Assignment: Copy exactly the lines of the data below that run from the line holding "Definition deriv_on (f" through the line holding "Rintegral mu [set s", both ends included.

Records from a collection:
▼

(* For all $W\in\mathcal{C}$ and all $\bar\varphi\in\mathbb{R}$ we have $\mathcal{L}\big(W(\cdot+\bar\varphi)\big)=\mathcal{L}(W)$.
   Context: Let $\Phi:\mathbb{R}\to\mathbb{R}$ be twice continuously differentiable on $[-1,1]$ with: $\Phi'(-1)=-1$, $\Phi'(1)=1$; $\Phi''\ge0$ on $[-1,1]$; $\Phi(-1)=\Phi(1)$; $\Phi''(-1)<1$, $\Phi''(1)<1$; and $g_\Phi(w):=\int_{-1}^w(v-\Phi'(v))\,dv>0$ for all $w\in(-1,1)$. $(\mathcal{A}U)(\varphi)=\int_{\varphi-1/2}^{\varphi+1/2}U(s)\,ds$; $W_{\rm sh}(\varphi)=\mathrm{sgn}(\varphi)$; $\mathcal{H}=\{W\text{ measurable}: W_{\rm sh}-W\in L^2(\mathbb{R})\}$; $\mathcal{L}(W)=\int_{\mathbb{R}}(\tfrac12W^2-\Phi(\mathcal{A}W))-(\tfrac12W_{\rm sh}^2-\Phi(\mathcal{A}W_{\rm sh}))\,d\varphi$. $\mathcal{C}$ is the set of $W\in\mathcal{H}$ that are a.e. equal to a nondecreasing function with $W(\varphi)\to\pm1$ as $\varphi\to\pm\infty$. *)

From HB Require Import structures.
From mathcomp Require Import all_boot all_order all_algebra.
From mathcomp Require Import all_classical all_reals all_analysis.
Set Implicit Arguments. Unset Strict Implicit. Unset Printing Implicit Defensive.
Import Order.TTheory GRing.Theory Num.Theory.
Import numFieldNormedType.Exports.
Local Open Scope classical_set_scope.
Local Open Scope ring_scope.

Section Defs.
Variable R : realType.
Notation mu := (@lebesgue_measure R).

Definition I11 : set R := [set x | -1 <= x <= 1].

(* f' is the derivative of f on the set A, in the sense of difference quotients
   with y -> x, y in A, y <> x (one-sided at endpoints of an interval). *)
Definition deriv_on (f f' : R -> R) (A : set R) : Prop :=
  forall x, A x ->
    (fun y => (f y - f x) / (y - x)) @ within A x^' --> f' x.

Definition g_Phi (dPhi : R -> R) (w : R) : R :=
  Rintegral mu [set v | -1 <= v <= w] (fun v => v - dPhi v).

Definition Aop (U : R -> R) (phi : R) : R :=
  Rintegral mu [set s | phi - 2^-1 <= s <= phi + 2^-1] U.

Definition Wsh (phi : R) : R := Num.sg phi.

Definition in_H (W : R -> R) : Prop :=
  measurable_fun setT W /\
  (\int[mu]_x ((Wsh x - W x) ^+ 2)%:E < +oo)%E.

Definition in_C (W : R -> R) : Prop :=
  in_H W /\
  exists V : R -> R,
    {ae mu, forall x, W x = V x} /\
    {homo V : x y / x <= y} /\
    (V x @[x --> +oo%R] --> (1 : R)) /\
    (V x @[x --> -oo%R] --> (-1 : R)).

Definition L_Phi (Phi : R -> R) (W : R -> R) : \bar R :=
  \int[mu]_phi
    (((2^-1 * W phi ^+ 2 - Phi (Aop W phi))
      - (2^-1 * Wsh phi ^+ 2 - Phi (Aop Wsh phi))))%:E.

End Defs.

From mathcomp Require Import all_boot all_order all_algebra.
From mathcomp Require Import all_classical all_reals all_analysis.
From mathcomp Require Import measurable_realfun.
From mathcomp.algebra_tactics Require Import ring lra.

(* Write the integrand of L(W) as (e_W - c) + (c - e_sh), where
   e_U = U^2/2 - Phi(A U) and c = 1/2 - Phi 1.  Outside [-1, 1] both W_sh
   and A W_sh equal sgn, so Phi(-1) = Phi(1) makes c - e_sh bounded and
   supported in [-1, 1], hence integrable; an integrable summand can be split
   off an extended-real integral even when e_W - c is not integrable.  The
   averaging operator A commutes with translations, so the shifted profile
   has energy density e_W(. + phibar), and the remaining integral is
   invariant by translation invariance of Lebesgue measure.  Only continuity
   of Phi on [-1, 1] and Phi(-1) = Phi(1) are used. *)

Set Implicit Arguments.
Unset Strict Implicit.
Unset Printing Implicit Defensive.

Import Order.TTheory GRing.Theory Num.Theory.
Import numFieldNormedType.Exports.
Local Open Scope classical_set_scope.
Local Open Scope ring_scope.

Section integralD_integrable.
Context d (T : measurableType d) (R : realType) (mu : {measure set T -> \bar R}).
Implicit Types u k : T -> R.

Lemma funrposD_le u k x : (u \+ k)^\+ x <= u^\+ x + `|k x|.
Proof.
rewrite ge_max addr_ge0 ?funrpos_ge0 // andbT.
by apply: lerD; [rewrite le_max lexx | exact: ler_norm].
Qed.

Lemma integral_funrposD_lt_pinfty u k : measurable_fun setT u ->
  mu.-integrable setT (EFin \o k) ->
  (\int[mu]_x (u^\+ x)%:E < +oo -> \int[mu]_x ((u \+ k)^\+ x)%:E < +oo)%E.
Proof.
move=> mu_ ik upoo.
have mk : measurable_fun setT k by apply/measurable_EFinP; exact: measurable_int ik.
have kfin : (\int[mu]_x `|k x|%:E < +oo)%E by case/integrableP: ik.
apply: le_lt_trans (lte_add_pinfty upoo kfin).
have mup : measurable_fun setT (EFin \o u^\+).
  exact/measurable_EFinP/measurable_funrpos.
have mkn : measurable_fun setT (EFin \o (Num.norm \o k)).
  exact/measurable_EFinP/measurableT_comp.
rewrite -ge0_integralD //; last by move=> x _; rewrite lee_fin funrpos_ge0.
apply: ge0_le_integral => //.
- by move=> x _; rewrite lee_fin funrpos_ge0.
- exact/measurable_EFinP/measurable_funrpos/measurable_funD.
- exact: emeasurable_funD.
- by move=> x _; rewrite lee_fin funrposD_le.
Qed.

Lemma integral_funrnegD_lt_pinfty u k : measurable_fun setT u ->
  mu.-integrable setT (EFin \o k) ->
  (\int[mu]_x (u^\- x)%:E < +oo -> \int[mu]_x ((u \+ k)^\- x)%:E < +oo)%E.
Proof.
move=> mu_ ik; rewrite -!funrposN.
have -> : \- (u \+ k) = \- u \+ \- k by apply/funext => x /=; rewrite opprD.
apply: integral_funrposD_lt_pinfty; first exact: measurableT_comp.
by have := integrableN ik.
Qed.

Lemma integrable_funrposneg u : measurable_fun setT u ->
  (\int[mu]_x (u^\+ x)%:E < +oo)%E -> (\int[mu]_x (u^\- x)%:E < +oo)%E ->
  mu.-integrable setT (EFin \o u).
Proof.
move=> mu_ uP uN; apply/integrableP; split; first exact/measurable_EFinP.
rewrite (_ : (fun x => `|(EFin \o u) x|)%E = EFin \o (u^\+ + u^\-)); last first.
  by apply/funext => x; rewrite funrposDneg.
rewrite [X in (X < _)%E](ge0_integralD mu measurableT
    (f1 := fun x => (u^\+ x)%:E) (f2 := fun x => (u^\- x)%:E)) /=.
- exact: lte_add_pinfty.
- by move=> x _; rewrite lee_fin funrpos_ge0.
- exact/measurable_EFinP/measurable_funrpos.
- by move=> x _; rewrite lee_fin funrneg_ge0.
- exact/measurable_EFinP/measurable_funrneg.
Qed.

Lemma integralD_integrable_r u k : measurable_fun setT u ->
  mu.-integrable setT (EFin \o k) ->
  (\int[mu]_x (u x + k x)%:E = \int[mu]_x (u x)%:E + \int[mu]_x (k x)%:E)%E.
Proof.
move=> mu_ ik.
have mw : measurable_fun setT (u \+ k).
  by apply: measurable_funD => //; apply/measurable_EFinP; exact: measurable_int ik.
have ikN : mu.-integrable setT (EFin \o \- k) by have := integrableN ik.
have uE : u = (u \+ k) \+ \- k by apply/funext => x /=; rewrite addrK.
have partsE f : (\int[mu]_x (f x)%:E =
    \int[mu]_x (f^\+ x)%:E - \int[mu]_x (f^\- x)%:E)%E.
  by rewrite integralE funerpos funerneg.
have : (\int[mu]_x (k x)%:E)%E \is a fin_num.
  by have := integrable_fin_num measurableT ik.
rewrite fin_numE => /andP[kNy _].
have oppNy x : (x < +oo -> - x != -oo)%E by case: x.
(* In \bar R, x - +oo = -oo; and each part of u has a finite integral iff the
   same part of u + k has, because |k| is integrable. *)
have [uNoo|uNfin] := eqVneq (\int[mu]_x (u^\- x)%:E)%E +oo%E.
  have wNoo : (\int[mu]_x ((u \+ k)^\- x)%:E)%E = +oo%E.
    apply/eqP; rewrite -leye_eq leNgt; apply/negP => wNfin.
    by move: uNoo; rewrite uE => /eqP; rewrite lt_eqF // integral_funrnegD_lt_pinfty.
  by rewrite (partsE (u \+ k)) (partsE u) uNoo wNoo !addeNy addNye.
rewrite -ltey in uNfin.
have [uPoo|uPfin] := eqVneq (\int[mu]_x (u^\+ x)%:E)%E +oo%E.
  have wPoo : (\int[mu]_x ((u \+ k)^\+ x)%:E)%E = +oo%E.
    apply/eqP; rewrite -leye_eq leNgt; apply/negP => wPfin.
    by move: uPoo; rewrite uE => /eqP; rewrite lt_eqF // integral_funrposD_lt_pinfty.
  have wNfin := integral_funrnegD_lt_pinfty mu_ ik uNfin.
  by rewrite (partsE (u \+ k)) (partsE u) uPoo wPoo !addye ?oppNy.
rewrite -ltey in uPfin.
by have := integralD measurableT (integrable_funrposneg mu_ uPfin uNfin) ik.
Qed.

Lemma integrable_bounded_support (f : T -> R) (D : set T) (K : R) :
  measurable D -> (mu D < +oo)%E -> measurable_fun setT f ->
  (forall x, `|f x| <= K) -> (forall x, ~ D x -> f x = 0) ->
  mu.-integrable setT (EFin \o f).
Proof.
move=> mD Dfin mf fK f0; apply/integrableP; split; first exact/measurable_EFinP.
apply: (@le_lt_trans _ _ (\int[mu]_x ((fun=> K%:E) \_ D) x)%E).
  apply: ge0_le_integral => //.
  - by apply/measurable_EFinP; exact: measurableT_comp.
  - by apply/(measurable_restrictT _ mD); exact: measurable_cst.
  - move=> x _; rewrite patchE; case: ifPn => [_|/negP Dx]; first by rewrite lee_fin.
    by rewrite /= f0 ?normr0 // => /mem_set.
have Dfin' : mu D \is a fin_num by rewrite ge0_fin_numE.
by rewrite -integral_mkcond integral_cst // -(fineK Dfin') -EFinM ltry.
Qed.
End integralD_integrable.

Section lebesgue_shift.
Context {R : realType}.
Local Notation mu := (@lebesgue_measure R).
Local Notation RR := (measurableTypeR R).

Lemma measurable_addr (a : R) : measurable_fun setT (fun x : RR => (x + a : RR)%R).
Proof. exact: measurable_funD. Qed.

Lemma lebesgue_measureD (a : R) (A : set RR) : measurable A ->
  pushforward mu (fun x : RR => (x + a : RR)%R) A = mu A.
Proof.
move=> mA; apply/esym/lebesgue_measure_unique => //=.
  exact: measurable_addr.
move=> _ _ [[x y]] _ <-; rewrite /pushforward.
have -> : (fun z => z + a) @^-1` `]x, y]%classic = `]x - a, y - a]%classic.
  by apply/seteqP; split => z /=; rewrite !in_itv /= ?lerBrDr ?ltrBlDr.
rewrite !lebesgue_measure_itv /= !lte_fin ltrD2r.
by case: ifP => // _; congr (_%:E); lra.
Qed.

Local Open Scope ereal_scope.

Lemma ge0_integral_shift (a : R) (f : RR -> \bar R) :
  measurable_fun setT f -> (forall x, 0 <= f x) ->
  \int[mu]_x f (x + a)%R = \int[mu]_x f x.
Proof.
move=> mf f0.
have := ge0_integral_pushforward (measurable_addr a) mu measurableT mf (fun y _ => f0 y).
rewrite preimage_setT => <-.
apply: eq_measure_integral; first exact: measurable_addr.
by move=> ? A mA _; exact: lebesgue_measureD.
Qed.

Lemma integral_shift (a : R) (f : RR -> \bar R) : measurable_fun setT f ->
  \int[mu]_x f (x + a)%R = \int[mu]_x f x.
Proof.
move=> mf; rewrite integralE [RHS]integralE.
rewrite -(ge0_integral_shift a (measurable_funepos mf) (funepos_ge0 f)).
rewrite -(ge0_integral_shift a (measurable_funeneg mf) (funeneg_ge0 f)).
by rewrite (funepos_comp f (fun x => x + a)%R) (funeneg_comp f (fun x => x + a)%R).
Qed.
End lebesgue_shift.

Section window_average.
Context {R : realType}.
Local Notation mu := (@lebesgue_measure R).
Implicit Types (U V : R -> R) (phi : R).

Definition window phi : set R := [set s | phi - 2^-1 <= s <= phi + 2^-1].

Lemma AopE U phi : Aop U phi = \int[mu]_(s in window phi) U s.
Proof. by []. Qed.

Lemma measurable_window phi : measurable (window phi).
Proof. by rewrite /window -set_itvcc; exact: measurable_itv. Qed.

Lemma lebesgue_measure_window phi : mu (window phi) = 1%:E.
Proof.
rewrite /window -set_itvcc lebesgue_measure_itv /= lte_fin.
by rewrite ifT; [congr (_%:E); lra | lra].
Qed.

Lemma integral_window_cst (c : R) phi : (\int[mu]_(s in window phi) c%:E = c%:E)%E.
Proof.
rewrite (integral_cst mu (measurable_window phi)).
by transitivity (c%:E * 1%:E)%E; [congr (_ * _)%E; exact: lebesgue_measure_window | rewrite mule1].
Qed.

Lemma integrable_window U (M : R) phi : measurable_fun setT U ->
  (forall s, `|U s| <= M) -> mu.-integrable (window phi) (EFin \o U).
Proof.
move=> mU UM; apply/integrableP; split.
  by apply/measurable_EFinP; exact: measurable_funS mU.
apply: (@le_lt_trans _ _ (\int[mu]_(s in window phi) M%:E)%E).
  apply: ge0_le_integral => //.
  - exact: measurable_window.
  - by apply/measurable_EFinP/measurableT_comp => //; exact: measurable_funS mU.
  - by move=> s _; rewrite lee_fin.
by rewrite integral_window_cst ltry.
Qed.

▲

Answer space:
Definition deriv_on (f f' : R -> R) (A : set R) : Prop :=
  forall x, A x ->
    (fun y => (f y - f x) / (y - x)) @ within A x^' --> f' x.

Definition g_Phi (dPhi : R -> R) (w : R) : R :=
  Rintegral mu [set v | -1 <= v <= w] (fun v => v - dPhi v).

Definition Aop (U : R -> R) (phi : R) : R :=
  Rintegral mu [set s | phi - 2^-1 <= s <= phi + 2^-1] U.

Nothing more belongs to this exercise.